**Input material:**
Lemma matv_zero (V W : rep K) v : matv (zerom V W) v = 0.
Proof. by case: v => [|[|[|v]]]. Qed.

Lemma mcompA (U V W X : rep K) (h : mor W X) (g : mor V W) (f : mor U V) :
  mcomp h (mcomp g f) = mcomp (mcomp h g) f.
Proof. by apply: mor_eq; rewrite /= mulmxA. Qed.

Lemma mcomp1 (V W : rep K) (f : mor V W) : mcomp f (idm V) = f.
Proof. by apply: mor_eq; rewrite /= mulmx1. Qed.

Lemma mcomp1l (V W : rep K) (f : mor V W) : mcomp (idm W) f = f.
Proof. by apply: mor_eq; rewrite /= mul1mx. Qed.

Lemma is_mor_comp (U V W : rep K) (g : mor V W) (f : mor U V) :
  is_mor g -> is_mor f -> is_mor (mcomp g f).
Proof.
case=> g1 g3 [f1 f3]; split => /=.
  by rewrite -mulmxA f1 !mulmxA g1.
by rewrite -mulmxA f3 !mulmxA g3.
Qed.

Lemma is_mor_zerom (V W : rep K) : is_mor (zerom V W).
Proof. by split; rewrite /= mul0mx mulmx0. Qed.

(* The middle
   factor 1 in dsum_split is kept so that the splitting can be iterated. *)
Lemma is_mor_in1 (V W : rep K) : is_mor (in1 V W).
Proof. by split; rewrite /= mul_col_mx mul_block_col !mul1mx !mul0mx !mulmx1 !mulmx0 !addr0. Qed.

Lemma is_mor_in2 (V W : rep K) : is_mor (in2 V W).
Proof. by split; rewrite /= mul_col_mx mul_block_col !mul1mx !mul0mx !mulmx1 !mulmx0 !add0r. Qed.

Lemma is_mor_pr1 (V W : rep K) : is_mor (pr1 V W).
Proof. by split; rewrite /= mul_row_block mul_mx_row !mul1mx !mul0mx !mulmx1 !mulmx0 !addr0. Qed.

Lemma is_mor_pr2 (V W : rep K) : is_mor (pr2 V W).
Proof. by split; rewrite /= mul_row_block mul_mx_row !mul1mx !mul0mx !mulmx1 !mulmx0 !add0r. Qed.

Lemma pr1_in1 (V W : rep K) : mcomp (pr1 V W) (in1 V W) = idm V.
Proof. by apply: mor_eq; rewrite /= mul_row_col mul1mx mul0mx addr0. Qed.

Lemma pr2_in2 (V W : rep K) : mcomp (pr2 V W) (in2 V W) = idm W.
Proof. by apply: mor_eq; rewrite /= mul_row_col mul1mx mul0mx add0r. Qed.

Lemma pr2_in2K (U V W : rep K) (f : mor U W) :
  mcomp (pr2 V W) (mcomp (in2 V W) f) = f.
Proof. by rewrite mcompA pr2_in2 mcomp1l. Qed.

Lemma block_id_split m n : (1%:M : 'M[K]_(m + n)) =
  col_mx 1%:M 0 *m row_mx 1%:M 0 + col_mx 0 1%:M *m 1%:M *m row_mx 0 1%:M.
Proof.
rewrite mulmx1 !mul_col_row !mul1mx !mul0mx add_block_mx !addr0 !add0r.
by rewrite -scalar_mx_block.
Qed.

Lemma dsum_split (V W : rep K) v :
  1%:M = matv (in1 V W) v *m matv (pr1 V W) v
         + matv (in2 V W) v *m 1%:M *m matv (pr2 V W) v.
Proof. by case: v => [|[|[|v]]]; exact: block_id_split. Qed.

Ltac is_mor_chain :=
  repeat first [ apply: is_mor_comp | apply: is_mor_in1 | apply: is_mor_in2
               | apply: is_mor_pr1 | apply: is_mor_pr2 | apply: is_mor_zerom ].

Lemma is_mor_iota (m : nat -> nat -> nat) b d : is_mor (Defs.iota K m b d).
Proof. by move: b d => [|[|[|[|b]]]] [|[|[|[|d]]]]; rewrite /Defs.iota; is_mor_chain. Qed.

Lemma is_mor_proj (m : nat -> nat -> nat) b d : is_mor (proj K m b d).
Proof. by move: b d => [|[|[|[|b]]]] [|[|[|[|d]]]]; rewrite /proj; is_mor_chain. Qed.

Definition summands : seq (nat * nat) :=
  [:: (1, 1); (1, 2); (1, 3); (2, 2); (2, 3); (3, 3)]%N.

Lemma proj_iota (m : nat -> nat -> nat) b d : (b, d) \in summands ->
  mcomp (proj K m b d) (Defs.iota K m b d) = idm _.
Proof.
rewrite !inE => /orP[|/orP[|/orP[|/orP[|/orP[]]]]] /eqP[-> ->];
  by rewrite /proj /Defs.iota -?mcompA ?pr2_in2K ?pr1_in1 ?pr2_in2.
Qed.

Lemma sum_iota_proj (m : nat -> nat -> nat) v :
  1%:M = matv (Defs.iota K m 1 1) v *m matv (proj K m 1 1) v
       + matv (Defs.iota K m 1 2) v *m matv (proj K m 1 2) v
       + matv (Defs.iota K m 1 3) v *m matv (proj K m 1 3) v
       + matv (Defs.iota K m 2 2) v *m matv (proj K m 2 2) v
       + matv (Defs.iota K m 2 3) v *m matv (proj K m 2 3) v
       + matv (Defs.iota K m 3 3) v *m matv (proj K m 3 3) v.
Proof.
rewrite /Defs.iota /proj /Isum !matv_comp.
(* abstracting the summands keeps the matrix dimensions opaque *)
move: (Irep K 1 1 _) (Irep K 1 2 _) (Irep K 1 3 _) (Irep K 2 2 _) (Irep K 2 3 _) (Irep K 3 3 _).
move=> V1 V2 V3 V4 V5 V6.
do 5 rewrite dsum_split.
by rewrite mulmx1 !(mulmxDr, mulmxDl) !mulmxA !addrA.
Qed.

Lemma is_mor_blk (m m' : nat -> nat -> nat) (A : mor (Isum K m) (Isum K m')) :
  is_mor A -> forall a b c d, is_mor (blk A a b c d).
Proof.
move=> hA a b c d.
exact: is_mor_comp (is_mor_proj _ _ _) (is_mor_comp hA (is_mor_iota _ _ _)).
Qed.

Lemma blk_idm (m : nat -> nat -> nat) b d : (b, d) \in summands ->
  blk (idm (Isum K m)) b d b d = idm _.
Proof. by move=> bd; rewrite /blk mcomp1l proj_iota. Qed.

Lemma matv_blk (m m' : nat -> nat -> nat) (A : mor (Isum K m) (Isum K m')) a b c d v :
  matv (blk A a b c d) v =
  matv (proj K m' c d) v *m (matv A v *m matv (Defs.iota K m a b) v).
Proof. by rewrite /blk !matv_comp. Qed.

Lemma insert_resolution (p q r s t n1 n2 n3 n4 n5 n6 : nat)
    (P : 'M[K]_(p, q)) (A : 'M_(q, r)) (B : 'M_(r, s)) (I : 'M_(s, t))
    (i1 : 'M_(r, n1)) (i2 : 'M_(r, n2)) (i3 : 'M_(r, n3))
    (i4 : 'M_(r, n4)) (i5 : 'M_(r, n5)) (i6 : 'M_(r, n6))
    (p1 : 'M_(n1, r)) (p2 : 'M_(n2, r)) (p3 : 'M_(n3, r))
    (p4 : 'M_(n4, r)) (p5 : 'M_(n5, r)) (p6 : 'M_(n6, r)) :
  1%:M = i1 *m p1 + i2 *m p2 + i3 *m p3 + i4 *m p4 + i5 *m p5 + i6 *m p6 ->
  P *m (A *m B *m I) =
      P *m (A *m i1) *m (p1 *m (B *m I)) + P *m (A *m i2) *m (p2 *m (B *m I))
    + P *m (A *m i3) *m (p3 *m (B *m I)) + P *m (A *m i4) *m (p4 *m (B *m I))
    + P *m (A *m i5) *m (p5 *m (B *m I)) + P *m (A *m i6) *m (p6 *m (B *m I)).
Proof.
by move=> id_split; rewrite -{1}[A]mulmx1 id_split !(mulmxDr, mulmxDl) !mulmxA.
Qed.

Lemma blk_comp (m m' m'' : nat -> nat -> nat)
    (A : mor (Isum K m') (Isum K m'')) (B : mor (Isum K m) (Isum K m')) a b c d v :
  matv (blk (mcomp A B) a b c d) v =
      matv (blk A 1 1 c d) v *m matv (blk B a b 1 1) v
    + matv (blk A 1 2 c d) v *m matv (blk B a b 1 2) v
    + matv (blk A 1 3 c d) v *m matv (blk B a b 1 3) v
    + matv (blk A 2 2 c d) v *m matv (blk B a b 2 2) v
    + matv (blk A 2 3 c d) v *m matv (blk B a b 2 3) v
    + matv (blk A 3 3 c d) v *m matv (blk B a b 3 3) v.
Proof.
rewrite !matv_blk [matv (mcomp A B) v]matv_comp.
exact: insert_resolution (sum_iota_proj m' v).
Qed.

Lemma Irep_map_id n : (\matrix_(i < n, j < n) ((i : nat) == j)%:R : 'M[K]_n) = 1%:M.
Proof. by apply/matrixP => i j; rewrite !mxE. Qed.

**Assigned task:**
Scan the listing above for the line that has "(p4 *m (B *m I))", then copy exactly from that line through the line that has "B a b 1 2) v".

**Solution to the problem:**
    + P *m (A *m i3) *m (p3 *m (B *m I)) + P *m (A *m i4) *m (p4 *m (B *m I))
    + P *m (A *m i5) *m (p5 *m (B *m I)) + P *m (A *m i6) *m (p6 *m (B *m I)).
Proof.
by move=> id_split; rewrite -{1}[A]mulmx1 id_split !(mulmxDr, mulmxDl) !mulmxA.
Qed.

Lemma blk_comp (m m' m'' : nat -> nat -> nat)
    (A : mor (Isum K m') (Isum K m'')) (B : mor (Isum K m) (Isum K m')) a b c d v :
  matv (blk (mcomp A B) a b c d) v =
      matv (blk A 1 1 c d) v *m matv (blk B a b 1 1) v
    + matv (blk A 1 2 c d) v *m matv (blk B a b 1 2) v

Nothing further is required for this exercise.